Copyright © 1996, 2001, 2002 Donnamaie E. White



Table of Contents

1. Introduction

2. Simple Controllers

3. Adding Programming Support to the Controller

4. Refining the CCU

5. Evolution of the ALU

6. The ALU and Basic Arithmetic

7. Tying the System Together




Tying the System Together

Last Edit November 1, 1996; July 20, 2001

The two basic building blocks of a general 16-bit system -- the CCU, including the firmwware interrupt controller, and the RALU -- have been defined in previous chapters. Various other devices are available in the Am2900 family to complete the basic CPU that has been used throughout the text.

Expanded Memory for the Am2903

The Am2903 is designed to be interconnected to the Am29705, via decoders, in order to expand the basic 16x4 scratchpad memory. The Am29705 is a true two-port 16x4 RAM memory which can operate identically to the Am2903's own scratchpad. A logic diagram of the Am29705 is given in Figure 7-1. (The Am29203 uses the Am29707 version.)

Figure 7-1 Am29705 block diagram

By expanding the A, B addresses, scratchpad memory may be added in increments of 16 registers of the rquivalent width of the ALU. An expanded memory interconnect diagram is shown in Figure 7-2 (taken from the original AMD data sheet).

Figure 7-2 Three-Address 64 by 4 memory. A 64-word by 4-bit three-address memory. Data is read from the A address to the YA outputs and from hte B address to the YB outputs while the latch enable is HIGH. When the l;atch enable goes LOW, the YA and YB data are help in the internal latches, and the RAMB address is switched to the C destination address lines.
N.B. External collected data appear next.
(* For every $\pi\in\Pi$, $x\in S$, $\alpha\in(0,1]$ and $\gamma\ge 1$, $$\mathrm{CVaR}^\pi_{\alpha,x}\Big(\max_{t=0,1,\dots,T} g_K(X_t)\Big) \le \frac{1}{\gamma}\log\Big(\frac{1}{\alpha}E_x^\pi\Big(\sum_{t=0}^T e^{\gamma g_K(X_t)}\Big)\Big).$$
   Context: Setting: $S$, $A$, $W$ are Borel spaces (states, controls, disturbances), $T\in\mathbb{N}$. The sample space is $\Omega = (S\times A)^T\times S$ with its Borel $\sigma$-algebra $\mathcal{B}(\Omega)$; for $\omega=(x_0,u_0,\dots,x_{T-1},u_{T-1},x_T)$, $X_t(\omega)=x_t$ and $U_t(\omega)=u_t$. A Borel-measurable map $f:S\times A\times W\to S$ and a probability distribution $P_D$ on $W$ define the transition kernel $Q(B\mid x,u) = P_D(\{d\in W: f(x,u,d)\in B\})$ for $B\in\mathcal{B}(S)$. $\Pi$ is the set of randomized history-dependent policies $\pi=(\pi_0,\dots,\pi_{T-1})$, each $\pi_t$ a Borel-measurable stochastic kernel on $A$ given $H^t=(S\times A)^t\times S$. For $x\in S$, $\pi\in\Pi$, $P_x^\pi$ is the unique probability measure on $(\Omega,\mathcal{B}(\Omega))$ (Ionescu-Tulcea) under which $X_0=x$, $U_t$ is distributed according to $\pi_t(\cdot\mid X_0,U_0,\dots,X_t)$, and $X_{t+1}$ is distributed according to $Q(\cdot\mid X_t,U_t)$; $E_x^\pi$ denotes expectation under $P_x^\pi$. A constraint set $K\in\mathcal{B}(S)$ and a bounded Borel-measurable $g_K:S\to\mathbb{R}$ are given. For a probability space $(\Omega,\mathcal{F},\mu)$, $Y\in L^1$ and $\alpha\in(0,1]$, $\mathrm{CVaR}_\alpha(Y) := \inf_{s\in\mathbb{R}}\big(s + \tfrac{1}{\alpha}E(\max(Y-s,0))\big)$. $\mathrm{CVaR}^\pi_{\alpha,x}$ denotes CVaR computed with respect to $P_x^\pi$. *)

From HB Require Import structures.
From mathcomp Require Import all_boot all_order all_algebra.
From mathcomp Require Import all_classical all_reals all_analysis.
Set Implicit Arguments. Unset Strict Implicit. Unset Printing Implicit Defensive.
Import Order.TTheory GRing.Theory Num.Theory.
Local Open Scope classical_set_scope.
Local Open Scope ring_scope.

Section mdp.
Context {dS dA dW : measure_display} (S : measurableType dS)
  (A : measurableType dA) (W : measurableType dW) (R : realType) (T : nat).

Definition Omega := (T.-tuple (S * A) * S)%type.
Definition Hist (t : nat) := (t.-tuple (S * A) * S)%type.

(* coordinate processes (X_t for t <= T, U_t for t < T) *)
Definition Xproc (t : nat) (w : Omega) : S :=
  if (t < T)%N then (nth point (val w.1) t).1 else w.2.
Definition Uproc (t : nat) (w : Omega) : A := (nth point (val w.1) t).2.
Definition Hproc (t : nat) (w : Omega) : Hist t :=
  ([tuple nth point (val w.1) i | i < t], Xproc t w).

Definition Qker (f : (S * A * W)%type -> S) (PD : probability W R)
  (x : S) (u : A) (B : set S) : \bar R :=
  PD [set d | B (f (x, u, d))].

Definition policy := forall t : 'I_T, R.-pker (Hist t) ~> A.

(* P is the Ionescu-Tulcea measure P_x^pi: X_0 = x a.s.; conditional law of
   U_t given the history H_t is pi_t(.|H_t); conditional law of X_{t+1} given
   (H_t,U_t) is Q(.|X_t,U_t).  (Stated on measurable rectangles, which form a
   pi-system generating the relevant product sigma-algebras.) *)
Definition is_ITmeasure (f : (S * A * W)%type -> S) (PD : probability W R)
  (x : S) (pi : policy) (P : probability Omega R) : Prop :=
  [/\ (forall B : set S, measurable B ->
        P (Xproc 0 @^-1` B) = (\1_B x)%:E),
      (forall (t : 'I_T) (B : set (Hist t)) (C : set A),
        measurable B -> measurable C ->
        P (Hproc t @^-1` B `&` Uproc t @^-1` C) =
        (\int[P]_(w in Hproc t @^-1` B) pi t (Hproc t w) C)%E) &
      (forall (t : 'I_T) (B : set (Hist t)) (C : set A) (D : set S),
        measurable B -> measurable C -> measurable D ->
        P (Hproc t @^-1` B `&` Uproc t @^-1` C `&` Xproc t.+1 @^-1` D) =
        (\int[P]_(w in Hproc t @^-1` B `&` Uproc t @^-1` C)
            Qker f PD (Xproc t w) (Uproc t w) D)%E)].

End mdp.

Definition CVaR {d} {Om : measurableType d} {R : realType}
  (P : probability Om R) (alpha : R) (Y : Om -> R) : \bar R :=
  ereal_inf [set (s%:E + (alpha^-1)%:E *
                  \int[P]_w (Num.max (Y w - s) 0)%:E)%E | s in [set: R]].

From HB Require Import structures.
From mathcomp Require Import all_boot all_order all_algebra.
From mathcomp Require Import all_classical all_reals all_analysis.
From mathcomp Require Import measurable_realfun ring.
Import Order.TTheory GRing.Theory Num.Theory.
Local Open Scope classical_set_scope.
Local Open Scope ring_scope.

(* CVaR is an infimum over thresholds s, so it suffices to
   exhibit one good threshold.  For gamma > 0 the elementary inequality
   max(y, 0) <= exp(gamma y - 1) / gamma (a rescaling of 1 + u <= e^u) gives,
   for every s and every exponential majorant Z >= exp(gamma Y),
     s + E[max(Y - s, 0)] / alpha <= s + exp(-gamma s - 1) E[Z] / (gamma alpha),
   and the choice s = (ln(E[Z] / alpha) - 1) / gamma turns the right-hand side
   into ln(E[Z] / alpha) / gamma.  The theorem applies it to Y = max_t gK(X_t)
   and Z = sum_t exp(gamma gK(X_t)); the remaining facts are that Z majorises
   exp(gamma Y) (the maximum is one of the summands), that Y and Z are measurable
   (coordinates of Omega are measurable), and that E[Z] is finite and positive
   (gK is bounded, so Z lies between two positive constants).  The description
   of P as the Ionescu-Tulcea measure is not needed: the bound holds for every
   probability measure on the sample space. *)

Lemma ler_sum_term {R : numDomainType} {n : nat} {F : 'I_n -> R} (i : 'I_n) :
  (forall j, 0 <= F j) -> F i <= \sum_(j < n) F j.
Proof.
move=> F0; rewrite (bigD1 i) //= lerDl.
by apply: sumr_ge0 => j _; exact: F0.
Qed.

(* The positive part of y is dominated by the exponential
   exp(gamma y - 1) / gamma, which is 1 + u <= exp u at u = gamma y - 1. *)
Lemma max0_le_expR {R : realType} (gamma y : R) :
  0 < gamma -> Num.max y 0 <= expR (gamma * y - 1) / gamma.
Proof.
move=> g0; rewrite ge_max; apply/andP; split; last first.
  by rewrite divr_ge0 // ?expR_ge0 // ltW.
rewrite ler_pdivlMr // mulrC.
by have := expR_ge1Dx (gamma * y - 1); rewrite addrC subrK.
Qed.

Lemma expR_bigmax_le_sum {R : realType} (n : nat) (gamma : R)
    (F : 'I_n.+1 -> R) :
  expR (gamma * \big[Num.max/F ord0]_(i < n.+1) F i)
    <= \sum_(i < n.+1) expR (gamma * F i).
Proof.
have term_le i : expR (gamma * F i) <= \sum_(j < n.+1) expR (gamma * F j).
  by apply: ler_sum_term => j; exact: expR_ge0.
apply: (big_ind (fun v => expR (gamma * v) <= _)) => //.
by move=> u v hu hv; case: (leP u v).
Qed.

Lemma expR_mul_bounds {R : realType} {gamma M y : R} :
  0 < gamma -> `|y| <= M ->
  expR (- (gamma * M)) <= expR (gamma * y) <= expR (gamma * M).
Proof.
move=> g0; rewrite ler_norml => /andP[lo hi].
by rewrite !ler_expR -mulrN !ler_pM2l // lo hi.
Qed.

Lemma measurable_bigmaxr {d} {Om : measurableType d} {R : realType} {I : Type}
    (r : seq I) (F0 : Om -> R) (F : I -> Om -> R) :
  measurable_fun [set: Om] F0 -> (forall i, measurable_fun [set: Om] (F i)) ->
  measurable_fun [set: Om] (fun w => \big[Num.max/F0 w]_(i <- r) F i w).
Proof.
move=> mF0 mF; elim: r => [|i r IH].
  by under eq_fun do rewrite big_nil.
under eq_fun do rewrite big_cons.
exact: measurable_maxr.
Qed.

Lemma expectation_fin_gt0 {d} {Om : measurableType d} {R : realType}
    (P : probability Om R) {Z : Om -> R} {c C : R} :
  measurable_fun [set: Om] Z -> 0 < c -> (forall w, c <= Z w <= C) ->
  (\int[P]_w (Z w)%:E)%E \is a fin_num /\ 0 < fine (\int[P]_w (Z w)%:E)%E.
Proof.
move=> mZ c0 cZC.
have mZE : measurable_fun [set: Om] (fun w => (Z w)%:E) by exact: measurableT_comp.
have intP (r : R) : (\int[P]_w (cst r%:E) w = r%:E)%E.
  by rewrite integral_cst // -[X in (_ * X)%E]/(P [set: Om]) probability_setT mule1.
have Z0 w : 0 <= Z w by case/andP: (cZC w) => /(le_trans (ltW c0)).
have lo : (c%:E <= \int[P]_w (Z w)%:E)%E.
  rewrite -[leLHS]intP; apply: ge0_le_integral => //.
  - by move=> w _; rewrite lee_fin ltW.
  - by move=> w _; rewrite lee_fin; case/andP: (cZC w).
have hi : (\int[P]_w (Z w)%:E <= C%:E)%E.
  rewrite -[leRHS]intP; apply: ge0_le_integral => //.
  - by move=> w _; rewrite lee_fin.
  - by move=> w _; rewrite lee_fin; case/andP: (cZC w).
have fin : (\int[P]_w (Z w)%:E)%E \is a fin_num.
  by rewrite fin_numElt (lt_le_trans (ltNyr _) lo) (le_lt_trans hi (ltry _)).
split => //; rewrite -lte_fin fineK //.
exact: lt_le_trans lo.
Qed.

Lemma CVaR_le_log_majorant {d} {Om : measurableType d} {R : realType}
    (P : probability Om R) {alpha gamma : R} {Y Z : Om -> R} :
  0 < alpha -> 0 < gamma ->
  measurable_fun [set: Om] Y -> measurable_fun [set: Om] Z ->
  (forall w, expR (gamma * Y w) <= Z w) ->
  (\int[P]_w (Z w)%:E)%E \is a fin_num -> 0 < fine (\int[P]_w (Z w)%:E)%E ->
  (CVaR P alpha Y
   <= (gamma^-1 * ln (alpha^-1 * fine (\int[P]_w (Z w)%:E)%E))%:E)%E.
Proof.
move=> a0 g0 mY mZ YZ Zfin.
set m := fine _ => m0.
pose s := (ln (alpha^-1 * m) - 1) / gamma.
pose k := expR (- (gamma * s) - 1) / gamma.
have Z0 w : 0 <= Z w := le_trans (expR_ge0 _) (YZ w).
have mZE : measurable_fun [set: Om] (fun w => (Z w)%:E) by exact: measurableT_comp.
have k0 : 0 <= k by rewrite divr_ge0 // ?expR_ge0 // ltW.
have k_val : alpha^-1 * (k * m) = gamma^-1.
  rewrite /k (_ : - (gamma * s) - 1 = - ln (alpha^-1 * m)); last first.
    by rewrite /s mulrC divfK ?gt_eqF //; ring.
  by rewrite expRN lnK ?posrE ?mulr_gt0 ?invr_gt0 //; field; rewrite ?gt_eqF.
have pointwise w : Num.max (Y w - s) 0 <= k * Z w.
  apply: le_trans (max0_le_expR gamma (Y w - s) g0) _.
  rewrite mulrBr -addrA expRD [_ * expR _]mulrC mulrAC -/k.
  exact: (ler_wpM2l k0 (YZ w)).
have shortfall : (\int[P]_w (Num.max (Y w - s) 0)%:E <= (k * m)%:E)%E.
  apply: (@le_trans _ _ (\int[P]_w (k%:E * (Z w)%:E))%E).
    apply: ge0_le_integral => //.
    - by move=> w _; rewrite lee_fin le_max lexx orbT.
    - apply: measurableT_comp => //; apply: measurable_maxr => //.
      exact: measurable_funB.
    - exact: measurable_funeM.
    - by move=> w _; rewrite -EFinM lee_fin.
  rewrite ge0_integralZl_EFin //; last by move=> w _; rewrite lee_fin Z0.
  by rewrite -[X in (_ * X)%E](fineK Zfin) -EFinM.
apply: (@le_trans _ _ (s%:E + (alpha^-1)%:E * (k * m)%:E)%E).
  apply: (le_trans (ereal_inf_lbound _)); first by exists s.
  by apply: leeD2l; apply: lee_wpmul2l => //; rewrite lee_fin invr_ge0 ltW.
rewrite -EFinM -EFinD lee_fin k_val /s.
by rewrite le_eqVlt; apply/orP; left; apply/eqP; field; rewrite gt_eqF.
Qed.

Lemma measurable_Xproc {dS dA : measure_display} (S : measurableType dS)
  (A : measurableType dA) (T t : nat) :
  measurable_fun [set: Omega S A T] (Xproc t).
Proof.
rewrite /Xproc; case: ltnP => h; last exact: measurable_snd.
have -> : (fun w : Omega S A T => (nth point (val w.1) t).1) =
  (fun w => (tnth w.1 (Ordinal h)).1).
  by apply/funext => w; rewrite (tnth_nth point).
apply: measurableT_comp; first exact: measurable_fst.
exact: (measurableT_comp (measurable_tnth (Ordinal h)) measurable_fst).
Qed.

Theorem theorem1 {dS dA dW : measure_display} (S : measurableType dS)
  (A : measurableType dA) (W : measurableType dW) (R : realType) (T : nat)
  (f : (S * A * W)%type -> S) (mf : measurable_fun [set: S * A * W] f)
  (PD : probability W R)
  (K : set S) (mK : measurable K)
  (gK : S -> R) (mg : measurable_fun [set: S] gK)
  (bg : exists M : R, forall y, `|gK y| <= M)
  (pi : policy S A R T) (x : S) (P : probability (Omega S A T) R)
  (HP : is_ITmeasure f PD x pi P)
  (alpha gamma : R) (ha : 0 < alpha <= 1) (hg : 1 <= gamma) :
  (CVaR P alpha
     (fun w => \big[Num.max/gK (Xproc 0 w)]_(t < T.+1) gK (Xproc t w))
   <= (gamma^-1 * ln (alpha^-1 *
         fine (\int[P]_w (\sum_(t < T.+1) expR (gamma * gK (Xproc t w)))%:E)))%:E)%E.
Proof.
case: bg => M hM; case/andP: ha => a0 _.
have g0 : 0 < gamma by apply: lt_le_trans hg.
have mG t : measurable_fun [set: Omega S A T] (fun w => gK (Xproc t w)).
  by apply: measurableT_comp => //; exact: measurable_Xproc.
have mZ : measurable_fun [set: Omega S A T]
    (fun w => \sum_(t < T.+1) expR (gamma * gK (Xproc t w))).
  by apply: measurable_sum => t; apply: measurableT_comp => //; exact: measurable_funM.
have Zbounds (w : Omega S A T) : expR (- (gamma * M)) <=
    \sum_(t < T.+1) expR (gamma * gK (Xproc t w)) <= expR (gamma * M) *+ T.+1.
  apply/andP; split.
    apply: le_trans (ler_sum_term ord0 (fun _ => expR_ge0 _)).
    by case/andP: (expR_mul_bounds g0 (hM (Xproc 0 w))).
  rewrite -[X in _ *+ X](card_ord T.+1) -sumr_const; apply: ler_sum => t _.
  by case/andP: (expR_mul_bounds g0 (hM (Xproc t w))).
have [Zfin Zpos] := expectation_fin_gt0 P mZ (expR_gt0 _) Zbounds.
apply: (CVaR_le_log_majorant P a0 g0 _ mZ _ Zfin Zpos).
  exact: measurable_bigmaxr.
by move=> w; exact: (expR_bigmax_le_sum T gamma (fun t : 'I_T.+1 => gK (Xproc t w))).
Qed.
A write pulse will then deposit the input data into the location by the C address.

MUX Requirements

In the course of examining the various arithmetic and shifting algorithms that any given system is to perform, including those few examined in this text, the designer will find it necesary to be able to vary

  1. the way that the RALU RAM and Q shifters interconnect
  2. the value of carry-in
  3. the source of the carry out status bit

The carry in bit could be

  1. from a field in the CCU
  2. from the ALU Cout (for rotate-by-add or for multiple word precision alforithms)
  3. from the ALU Z status line (for the Am2903 multiply for example)

The carry out bit could be sourced from

  1. the Cn+4 of the RALU
  2. the RAM3 (or S3) output of the RAM shifter.

The shift and rotate interconnections are determined by the particular variations which any given design is to implement. RAM0 (Am2901) or S0 (Am2903) might require connection to Cout, RAM3 (S3), Q3 (extersion register shifter), and ground, VCC or both. Q0 might require a similar flexibility of connection. RAM3 (S3) and Q3 would require complementary connection capability.

In each of these cases, the most obvious solution has been to employ multiplexers with the microinstruction supplying the appropriate selection for any desired connectivity pattern. The Am2904 is designed to replace the carry-in MUX, the carry-out MUX, the RAM0 and RAM3 MUXs, and the Q0 and Q3 MUXs. The Am2904 was developed to reduce the required SSI and MSI support (a.k.a. glue logic) which occurs in typical CPU designs.

Status Register

In the preferred architecture, the one being emphasized throughout this text, a status register is used to hold the status produced by the previous microinstruction (such as the ALU status outputs) for use in determining the next microinstruction address ("branch on result of previous"). The staus outputs of the RALU as well as certain other conditional MUX inputs are considered to be microlevel status inputs.

A sophisticated architecture may also have machine-level status lines, those bits to be tested by the machine-level instructions. A machine-level status register is necessary in this case, and it must be settable at the individual bit level. The Am2904 includes both the microlevel and the macro or machine-level status registers and provides the bit set and certain testing capabilities to further reduce the SSI-MSI system logic support required.